I invite you to disclose the source of your remarkable estimate of 200,000.  Some sort of documentation on your part will be needed to dispel the impression that you are here too indulging in your inveterate habit of pulling big numbers off the top of your head.

(9) The warfare was two-way.  Your Simon Wiesenthal Center audience might have been astonished to hear you admit that the Khmelnytsky rebellion was against the full military might of a ruling empire, and that the massacres inflicted by this empire upon Ukrainians were, in Israel Shahak's words, "even more horrible":

This typical peasant uprising against extreme oppression, an uprising accompanied not only by massacres committed by the rebels but also by even more horrible atrocities and "counter-terror" of the Polish magnates' private armies, has remained emblazoned in the consciousness of east-European Jews to this very day not, however, as a peasant uprising, a revolt of the oppressed, of the real wretched of the earth, nor even as a vengeance visited upon all the servants of the Polish nobility, but as an act of gratuitous antisemitism directed against Jews as such.  In fact, the voting of the Ukrainian delegation at the UN and, more generally, Soviet policies on the Middle East, are often "explained" in the Israeli press as "a heritage of Chmielnicki" or of his "descendants."
Israel Shahak, Jewish History, Jewish Religion: The Weight of Three Thousand Years, Pluto Press, London and Boulder Colorado, 1994, pp. 64-65.

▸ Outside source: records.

(* For every positive integer $k$, $$E_{2k}\left(\tau+\tfrac{1}{2}\right)=-E_{2k}(\tau)+(2^{2k}+2)E_{2k}(2\tau)-2^{2k}E_{2k}(4\tau).$$ For $p=3$ or $11$ and every integer $k\ge0$, \begin{align*} E_{2k+1}^{0}\left(\tau+\tfrac{1}{2};\chi_{p}\right)&=-E_{2k+1}^{0}(\tau;\chi_{p})+(2^{2k+1}-2)E_{2k+1}^{0}(2\tau;\chi_{p})+2^{2k+1}E_{2k+1}^{0}(4\tau;\chi_{p}),\\ E_{2k+1}^{\infty}\left(\tau+\tfrac{1}{2};\chi_{p}\right)&=-E_{2k+1}^{\infty}(\tau;\chi_{p})+(2-2^{2k+1})E_{2k+1}^{\infty}(2\tau;\chi_{p})+2^{2k+1}E_{2k+1}^{\infty}(4\tau;\chi_{p}). \end{align*} For $p=7$ or $23$ and every integer $k\ge0$, \begin{align*} E_{2k+1}^{0}\left(\tau+\tfrac{1}{2};\chi_{p}\right)&=-E_{2k+1}^{0}(\tau;\chi_{p})+(2^{2k+1}+2)E_{2k+1}^{0}(2\tau;\chi_{p})-2^{2k+1}E_{2k+1}^{0}(4\tau;\chi_{p}),\\ E_{2k+1}^{\infty}\left(\tau+\tfrac{1}{2};\chi_{p}\right)&=-E_{2k+1}^{\infty}(\tau;\chi_{p})+(2^{2k+1}+2)E_{2k+1}^{\infty}(2\tau;\chi_{p})-2^{2k+1}E_{2k+1}^{\infty}(4\tau;\chi_{p}). \end{align*}
   Context: $\tau$ lies in the complex upper half-plane and $q=e^{2\pi i\tau}$. Bernoulli numbers $\mathcal{B}_k$: $\frac{u}{e^u-1}=\sum_{k\ge0}\mathcal{B}_k\frac{u^k}{k!}$. For $k\ge1$, $E_{2k}(\tau)=1-\frac{4k}{\mathcal{B}_{2k}}\sum_{j=1}^{\infty}\frac{j^{2k-1}q^{j}}{1-q^{j}}$. For an odd prime $p$ let $\chi_p(j)=\left(\frac{j}{p}\right)$ (Legendre symbol), and define generalized Bernoulli numbers $\mathcal{B}_{k,p}$ by $\frac{x}{e^{px}-1}\sum_{j=1}^{p-1}\chi_p(j)e^{jx}=\sum_{k\ge0}\mathcal{B}_{k,p}\frac{x^k}{k!}$. For a positive integer $k$ with $k\equiv\frac{p-1}{2}\pmod 2$ set $$E_{k}^{0}(\tau;\chi_{p})=\delta_{k,1}-\frac{2k}{\mathcal{B}_{k,p}}\sum_{j=1}^{\infty}\frac{j^{k-1}}{1-q^{pj}}\sum_{\ell=1}^{p-1}\left(\frac{\ell}{p}\right)q^{j\ell},\qquad E_{k}^{\infty}(\tau;\chi_{p})=1-\frac{2k}{\mathcal{B}_{k,p}}\sum_{j=1}^{\infty}\left(\frac{j}{p}\right)\frac{j^{k-1}q^{j}}{1-q^{j}},$$ with $\delta$ the Kronecker delta. (For $p\in\{3,7,11,23\}$, $\frac{p-1}{2}$ is odd, so these are defined for all odd $k$.) *)

From Stdlib Require Import Reals List Arith.
From Coquelicot Require Import Coquelicot.
Import ListNotations.
Open Scope R_scope.

Definition binomR (n k : nat) : R :=
  INR (fact n) / (INR (fact k) * INR (fact (n - k))).

Definition rsum (a n : nat) (f : nat -> R) : R :=
  fold_right Rplus 0 (map f (seq a n)).

Definition csum (a n : nat) (f : nat -> C) : C :=
  fold_right Cplus (RtoC 0) (map f (seq a n)).

(* Bernoulli numbers with u/(e^u-1) = sum B_k u^k/k!.  Comparing coefficients
   of u^(n+1) in (e^u - 1) * (sum B_k u^k/k!) = u gives B_0 = 1 and
   sum_{j=0}^{n} C(n+1,j) B_j = 0 for n >= 1.  bern_upto n = [B_0; ...; B_n]. *)
Fixpoint bern_upto (n : nat) : list R :=
  match n with
  | O => [1]
  | S m =>
      let l := bern_upto m in
      l ++ [ - / INR (S n) * rsum 0 n (fun j => binomR (S n) j * nth j l 0) ]
  end.

Definition bernoulli (k : nat) : R := nth k (bern_upto k) 0.

Definition legendre (p j : nat) : R :=
  if Nat.eqb (j mod p) 0 then 0
  else if existsb (fun x => Nat.eqb ((x * x) mod p) (j mod p)) (seq 1 (p - 1))
       then 1 else -1.

(* Generalized Bernoulli numbers B_{k,p}:
   x/(e^{px}-1) * sum_{j=1}^{p-1} chi_p(j) e^{jx} = sum_k B_{k,p} x^k/k!.
   Since x/(e^{px}-1) = sum_m B_m p^(m-1) x^m/m! and e^{jx} = sum_n j^n x^n/n!,
   the Cauchy product gives
   B_{k,p} = sum_{j=1}^{p-1} chi_p(j) sum_{m=0}^{k} C(k,m) B_m p^(m-1) j^(k-m). *)
Definition bernoulli_chi (k p : nat) : R :=
  rsum 1 (p - 1) (fun j =>
    legendre p j *
    rsum 0 (S k) (fun m =>
      binomR k m * bernoulli m * (INR p ^ m / INR p) * INR j ^ (k - m))).

(* q = e^{2 pi i tau} = e^{-2 pi Im tau} (cos (2 pi Re tau) + i sin (2 pi Re tau)). *)
Definition qC (tau : C) : C :=
  Cmult (RtoC (exp (- (2 * PI * Im tau))))
        (cos (2 * PI * Re tau), sin (2 * PI * Re tau)).

(* Sum of a complex series sum_{n>=0} a n (real and imaginary parts summed
   separately; this is the usual sum whenever the series converges). *)
Definition CSeries (a : nat -> C) : C :=
  (Series (fun n => Re (a n)), Series (fun n => Im (a n))).

Definition Eis (w : nat) (tau : C) : C :=
  let q := qC tau in
  Cminus (RtoC 1)
    (Cmult (RtoC (2 * INR w / bernoulli w))
      (CSeries (fun n => let j := S n in
         Cdiv (Cmult (RtoC (INR j ^ (w - 1))) (Cpow q j))
              (Cminus (RtoC 1) (Cpow q j))))).

Definition Eis0 (k p : nat) (tau : C) : C :=
  let q := qC tau in
  Cminus (RtoC (if Nat.eqb k 1 then 1 else 0))
    (Cmult (RtoC (2 * INR k / bernoulli_chi k p))
      (CSeries (fun n => let j := S n in
         Cmult (Cdiv (RtoC (INR j ^ (k - 1))) (Cminus (RtoC 1) (Cpow q (p * j))))
               (csum 1 (p - 1) (fun l => Cmult (RtoC (legendre p l)) (Cpow q (j * l))))))).

Definition EisInf (k p : nat) (tau : C) : C :=
  let q := qC tau in
  Cminus (RtoC 1)
    (Cmult (RtoC (2 * INR k / bernoulli_chi k p))
      (CSeries (fun n => let j := S n in
         Cdiv (Cmult (RtoC (legendre p j * INR j ^ (k - 1))) (Cpow q j))
              (Cminus (RtoC 1) (Cpow q j))))).

(* Each of [Eis], [Eis0] and [EisInf] has the form [C0 - K * L (qC tau)] for a generalised
   Lambert series [L x = sum_(j >= 1) a j * G (x ^ j)] with [a (2 j) = c * a j] and
   [G (- y) = - G y + d * G (y * y)]: for [E_2k] and [E^oo] the kernel is [y / (1 - y)] with
   [d = 2], for [E^0] it is [sum_l chi(l) y^l / (1 - y^p)] with [d = 2 chi(2)].  Shifting
   [tau] by 1/2 replaces [q] by [- q], and splitting [L (- q)] into odd and even [j], which
   absolute convergence for [|q| < 1] permits, gives
   [L (- q) = - L q + (2 c + d) L (q^2) - c d L (q^4)]; [2 tau] and [4 tau] correspond to
   [q^2] and [q^4].  The kernel identity for [chi] is a polynomial identity, checked by
   computation for p = 3, 7, 11, 23. *)

From Stdlib Require Import Reals Lra Lia List.
From Coquelicot Require Import Coquelicot.
Import ListNotations.
Open Scope R_scope.

Section EvenOddSeries.
Context {K : AbsRing} {V : NormedModule K}.

Lemma sum_n_even_odd (u : nat -> V) (N : nat) :
  sum_n u (2 * N + 1) =
  plus (sum_n (fun n => u (2 * n)%nat) N) (sum_n (fun n => u (2 * n + 1)%nat) N).
Proof.
  rewrite <- sum_n_plus.
  induction N as [|N IH].
  - change (2 * 0 + 1)%nat with 1%nat. rewrite sum_Sn, !sum_O. reflexivity.
  - replace (2 * S N + 1)%nat with (S (S (2 * N + 1))) by lia.
    rewrite !sum_Sn, IH, plus_assoc.
    do 3 f_equal; lia.
Qed.

Lemma is_series_pairs (u : nat -> V) (l : V) :
  is_series u l -> is_series (fun n => plus (u (2 * n)%nat) (u (2 * n + 1)%nat)) l.
Proof.
  unfold is_series. intros Hu.
  assert (Hsub : filterlim (fun N => 2 * N + 1)%nat eventually eventually)
    by (apply eventually_subseq; intros; lia).
  apply (filterlim_ext (fun N => sum_n u (2 * N + 1))).
  - intros N. rewrite sum_n_even_odd, sum_n_plus. reflexivity.
  - exact (filterlim_comp _ _ _ _ (sum_n u) _ _ _ Hsub Hu).
Qed.

Lemma is_series_even_odd (u : nat -> V) (l1 l2 : V) :
  ex_series u ->
  is_series (fun n => u (2 * n)%nat) l1 -> is_series (fun n => u (2 * n + 1)%nat) l2 ->
  is_series u (plus l1 l2).
Proof.
  intros [l Hu] H1 H2.
  assert (Hpairs := is_series_pairs u l Hu).
  assert (Hsum := is_series_plus _ _ _ _ H1 H2).
  unfold is_series in Hpairs, Hsum.
  now rewrite <- (filterlim_locally_unique _ _ _ Hpairs Hsum).
Qed.

End EvenOddSeries.

Lemma ex_series_norm_even {K : AbsRing} {V : NormedModule K} (u : nat -> V) :
  ex_series (fun n => norm (u n)) -> ex_series (fun n => norm (u (2 * n)%nat)).
Proof.
  intros [l Hu].
  apply (ex_series_le (V := R_CompleteNormedModule) _
           (fun n => norm (u (2 * n)%nat) + norm (u (2 * n + 1)%nat))).
  - intros n. change (Rabs (norm (u (2 * n)%nat)) <= norm (u (2 * n)%nat) + norm (u (2 * n + 1)%nat)).
    rewrite Rabs_pos_eq by apply norm_ge_0.
    pose proof (norm_ge_0 (u (2 * n + 1)%nat)). lra.
  - exists l. exact (is_series_pairs _ _ Hu).
Qed.

Lemma Re_sum_n (u : nat -> C) (n : nat) : Re (sum_n u n) = sum_n (fun k => Re (u k)) n.
Proof.
  induction n as [|n IH].
  - rewrite !sum_O. reflexivity.
  - rewrite !sum_Sn, <- IH. reflexivity.
Qed.

Lemma Im_sum_n (u : nat -> C) (n : nat) : Im (sum_n u n) = sum_n (fun k => Im (u k)) n.
Proof.
  induction n as [|n IH].
  - rewrite !sum_O. reflexivity.
  - rewrite !sum_Sn, <- IH. reflexivity.
Qed.

Lemma CSeries_unique (u : nat -> C) (l : C) : is_series u l -> CSeries u = l.
Proof.
  destruct l as [x y]. intros Hu. unfold CSeries.
  f_equal; apply is_series_unique; unfold is_series.
  - apply (filterlim_ext (fun n => fst (sum_n u n))); [apply Re_sum_n|].
    exact (filterlim_comp _ _ _ _ fst _ _ _ Hu (continuous_fst x y)).
  - apply (filterlim_ext (fun n => snd (sum_n u n))); [apply Im_sum_n|].
    exact (filterlim_comp _ _ _ _ snd _ _ _ Hu (continuous_snd x y)).
Qed.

(10) The chief defender of the Jews was a Ukrainian.  Your Simon Wiesenthal Center audience might have been astonished to hear you admit that in the course of the Khmelnytsky rebellion, the chief defender of the Jews was the Ukrainian, Iarema Vyshnevetsky, parading under his Polonized name of Count Jeremi Wisniowiecki:

Hanover's account of Count Jeremi Wisniowiecki's activities at this time must have been an exaggeration, for he gives the impression that Wisniowiecki made rescuing the Jewish population his principal endeavor:
Count Jeremi Wisniowiecki was a friend of Israel ... with him escaped some five hundred Jews.  He carried them as on the wings of eagles until they were brought to their destination [reported as Wisniowiecki left for Lithuania].

Later we are also told that after the Nemyriv onslaught Wisniowiecki set out with a command of 3,000 men to revenge the Jews.  Clearly, Hanover considered Wisniowiecki the greatest of generals, one who should have become commander of the Polish army.
Bernard D. Weinryb, The Hebrew Chronicles on Bohdan Khmel'nyts'kyi and the Cossack-Polish War, Journal of the Harvard Ukrainian Research Institute, 1(2) June 1977, p. 168.


Thus, by including at least the above ten pieces of information in your future discussions of the Bohdan Khmelnytsky rebellion, you will not only be enlivening your talk by disclosing facts which your audience finds astounding, but you will also be replacing hate propaganda with history.